Department of Clinical Oncology, Kyoto University Hospital, 54 Shogoin-kawahara-cho, Sakyo-ku, Kyoto, Kyoto, 606-8507, Japan.
Department of Real World Data Research and Development, Graduate School of Medicine, Kyoto University, 54 Shogoin-kawara-cho, Sakyo-ku, Kyoto, Japan.
Int J Clin Oncol. 2024 Nov;29(11):1696-1703. doi: 10.1007/s10147-024-02609-w. Epub 2024 Aug 26.
Lynch syndrome (LS) is a hereditary cancer syndrome caused by pathogenic germline variants in mismatch repair (MMR) genes, which predisposes to various types of cancers showing deficient MMR (dMMR). Identification of LS probands is crucial to reduce cancer-related deaths in affected families. Although universal screening is recommended for colorectal and endometrial cancers, and age-restricted screening is proposed as an alternative, LS screening covering a broader spectrum of cancer types is needed. In the current study, we elucidated the rate of dMMR tumors and evaluated the outcome of LS screening in young-onset extra-colorectal LS-associated cancers.
Immunohistochemistry for MMR proteins were retrospectively performed in a total of 309 tissue samples of endometrial, non-mucinous ovarian, gastric, urothelial, pancreatic, biliary tract, and adrenal cancers in patients < 50 years of age. Clinicopathological information and the results of genetic testing were obtained from medical charts.
There were 24 dMMR tumors (7.8%) including 18 endometrial, three ovarian, two urothelial, and one gastric cancer. Co-occurrence of colorectal cancer and family history of LS-associated cancers was significantly enriched in patients with dMMR tumors. Among the 16 patients with dMMR tumors who were informed of the immunohistochemistry results, five with endometrial and one with urothelial cancer were diagnosed as LS with positive pathogenic variants in MMR genes.
We report the outcome of immunohistochemistry for MMR proteins performed in multiple types of young-onset extra-colorectal LS-associated cancers. Our study demonstrates the feasibility of a comprehensive LS screening program incorporating young-onset patients with various types of extra-colorectal LS-associated cancers.
林奇综合征(LS)是一种遗传性癌症综合征,由错配修复(MMR)基因的致病性种系变异引起,易患各种表现出 MMR 缺陷(dMMR)的癌症。LS 先证者的识别对于降低受影响家庭的癌症相关死亡率至关重要。尽管推荐对结直肠癌和子宫内膜癌进行普遍筛查,并且提出了年龄限制筛查作为替代方案,但需要涵盖更广泛癌症类型的 LS 筛查。在本研究中,我们阐明了 dMMR 肿瘤的发生率,并评估了在年轻发病的结外 LS 相关癌症中进行 LS 筛查的结果。

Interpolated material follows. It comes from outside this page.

(* Consider the following cutting-plane algorithm for $\min_{\mathbf{x}\in\mathcal{X}}\Phi_R(\mathbf{x})$ with tolerance $\epsilon\ge0$. Initialize $L=1$, $\theta^{lb}=-\infty$, $\theta^{ub}=+\infty$, and pick $\hat{\mathbf{x}}^1\in\mathcal{X}$; the cut set is initially empty. While $\theta^{ub}-\theta^{lb}>\epsilon$: set $\hat{\mathbf x}=\hat{\mathbf x}^L$; for each $\omega\in\Omega$ compute an optimal solution $\hat{\mathbf S}^\omega$ of the problem defining $Q_\omega(\hat{\mathbf x})$; compute $(\hat p_\omega)\in\arg\min_{P\in\mathfrak P}\sum_\omega p_\omega f^\omega(\hat{\mathbf S}^\omega)$ and $\Phi_R(\hat{\mathbf x})=\sum_\omega\hat p_\omega f^\omega(\hat{\mathbf S}^\omega)$; if $\Phi_R(\hat{\mathbf x})<\theta^{ub}$ set $\theta^{ub}=\Phi_R(\hat{\mathbf x})$ and $\mathbf x^*=\hat{\mathbf x}$; add the cut $\eta\ge\Phi_R(\hat{\mathbf x})-\sum_{q=1}^k\sum_{i\in N}c_{q,i}(\hat{\mathbf x})x_{q,i}$ with $c_{q,i}(\hat{\mathbf x})=\max_{P\in\mathfrak P}\sum_\omega p_\omega\rho^\omega_{q,i}(\boldsymbol\emptyset)\hat y^\omega_{q,i}\xi^\omega_i$; solve the master problem $\min\{\eta:\mathbf x\in\mathcal X,\ \eta\in\mathbb R,\ (\eta,\mathbf x)\text{ satisfies all cuts added so far}\}$ exactly, obtaining $(\eta^{L+1},\hat{\mathbf x}^{L+1})$; set $\theta^{lb}=\eta^{L+1}$ and $L\leftarrow L+1$. Assuming every subproblem (each $Q_\omega$, each optimization over $\mathfrak P$, and each master problem) is solved exactly, the algorithm terminates after finitely many iterations, and upon termination $\theta^{ub}=\Phi_R(\mathbf x^* )\le\min_{\mathbf x\in\mathcal X}\Phi_R(\mathbf x)+\epsilon$; in particular, with $\epsilon=0$ it returns a globally optimal solution $\mathbf x^*$ of $\min_{\mathbf x\in\mathcal X}\Phi_R(\mathbf x)$.
   Context: Let $n,k$ be positive integers, $N=\{1,\dots,n\}$, and $\mathbb{X}(N,k)$ the set of $k$-tuples $\mathbf{S}=(S_1,\dots,S_k)$ of pairwise disjoint subsets of $N$, identified with $\mathbf{s}\in\{0,1\}^{kn}$ via $s_{q,i}=1$ iff $i\in S_q$. A function $f:\mathbb{X}(N,k)\to\mathbb{R}$ is $k$-submodular if $f(\mathbf{X})+f(\mathbf{Y})\ge f(\mathbf{X}\sqcap\mathbf{Y})+f(\mathbf{X}\sqcup\mathbf{Y})$, where $\mathbf{X}\sqcap\mathbf{Y}=(X_q\cap Y_q)_q$ and the $i$-th component of $\mathbf{X}\sqcup\mathbf{Y}$ is $(X_i\cup Y_i)\setminus\bigcup_{q\ne i}(X_q\cup Y_q)$; monotone if $f(\mathbf X)\le f(\mathbf Y)$ whenever $X_q\subseteq Y_q$ for all $q$. $\Omega$ is a finite scenario set; for each $\omega$ we have $\xi^\omega\in\{0,1\}^n$ and a monotone $k$-submodular $f^\omega$ with marginal gains $\rho^\omega_{q,i}(\mathbf{X})=f^\omega(X_1,\dots,X_q\cup\{i\},\dots,X_k)-f^\omega(\mathbf{X})$ for $i\notin\bigcup_rX_r$; $\boldsymbol\emptyset=(\emptyset,\dots,\emptyset)$. With nonnegative integer budgets $A_q,D_q$: $\mathcal{X}=\{\mathbf{x}\in\{0,1\}^{kn}:\sum_i x_{q,i}\le A_q\ \forall q,\ \sum_q x_{q,i}\le1\ \forall i\}$; $Q_\omega(\mathbf x)=\max\{f^\omega(\mathbf S):\mathbf S\in\mathbb X(N,k),\ s_{q,i}\le1-x_{q,i}\xi^\omega_i\ \forall q,i,\ \sum_i s_{q,i}\le D_q\ \forall q\}$. $\mathfrak P$ is a nonempty compact set of probability distributions $(p_\omega)_{\omega\in\Omega}$, and $\Phi_R(\mathbf x)=\min_{P\in\mathfrak P}\sum_\omega p_\omega Q_\omega(\mathbf x)$. $\hat y^\omega_{q,i}=1$ if $i\in\hat S^\omega_q$ and $0$ otherwise. *)

From HB Require Import structures.
From mathcomp Require Import all_boot all_order all_algebra.
From mathcomp Require Import all_classical all_reals all_analysis.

回顾性地对 309 例年龄<50 岁的子宫内膜、非黏液性卵巢、胃、尿路上皮、胰腺、胆道和肾上腺癌患者的组织样本进行了 MMR 蛋白免疫组织化学检测。从病历中获得了临床病理信息和基因检测结果。
共有 24 例 dMMR 肿瘤(7.8%),包括 18 例子宫内膜癌、3 例卵巢癌、2 例尿路上皮癌和 1 例胃癌。dMMR 肿瘤患者中结直肠癌和 LS 相关癌症家族史的同时发生明显更为丰富。在接受免疫组织化学结果告知的 16 例 dMMR 肿瘤患者中,5 例子宫内膜癌和 1 例尿路上皮癌被诊断为 LS,存在 MMR 基因的阳性致病性变异。
我们报告了在多种年轻发病的结外 LS 相关癌症中进行 MMR 蛋白免疫组织化学检测的结果。我们的研究表明,对年轻发病的各种结外 LS 相关癌症患者进行全面的 LS 筛查方案是可行的。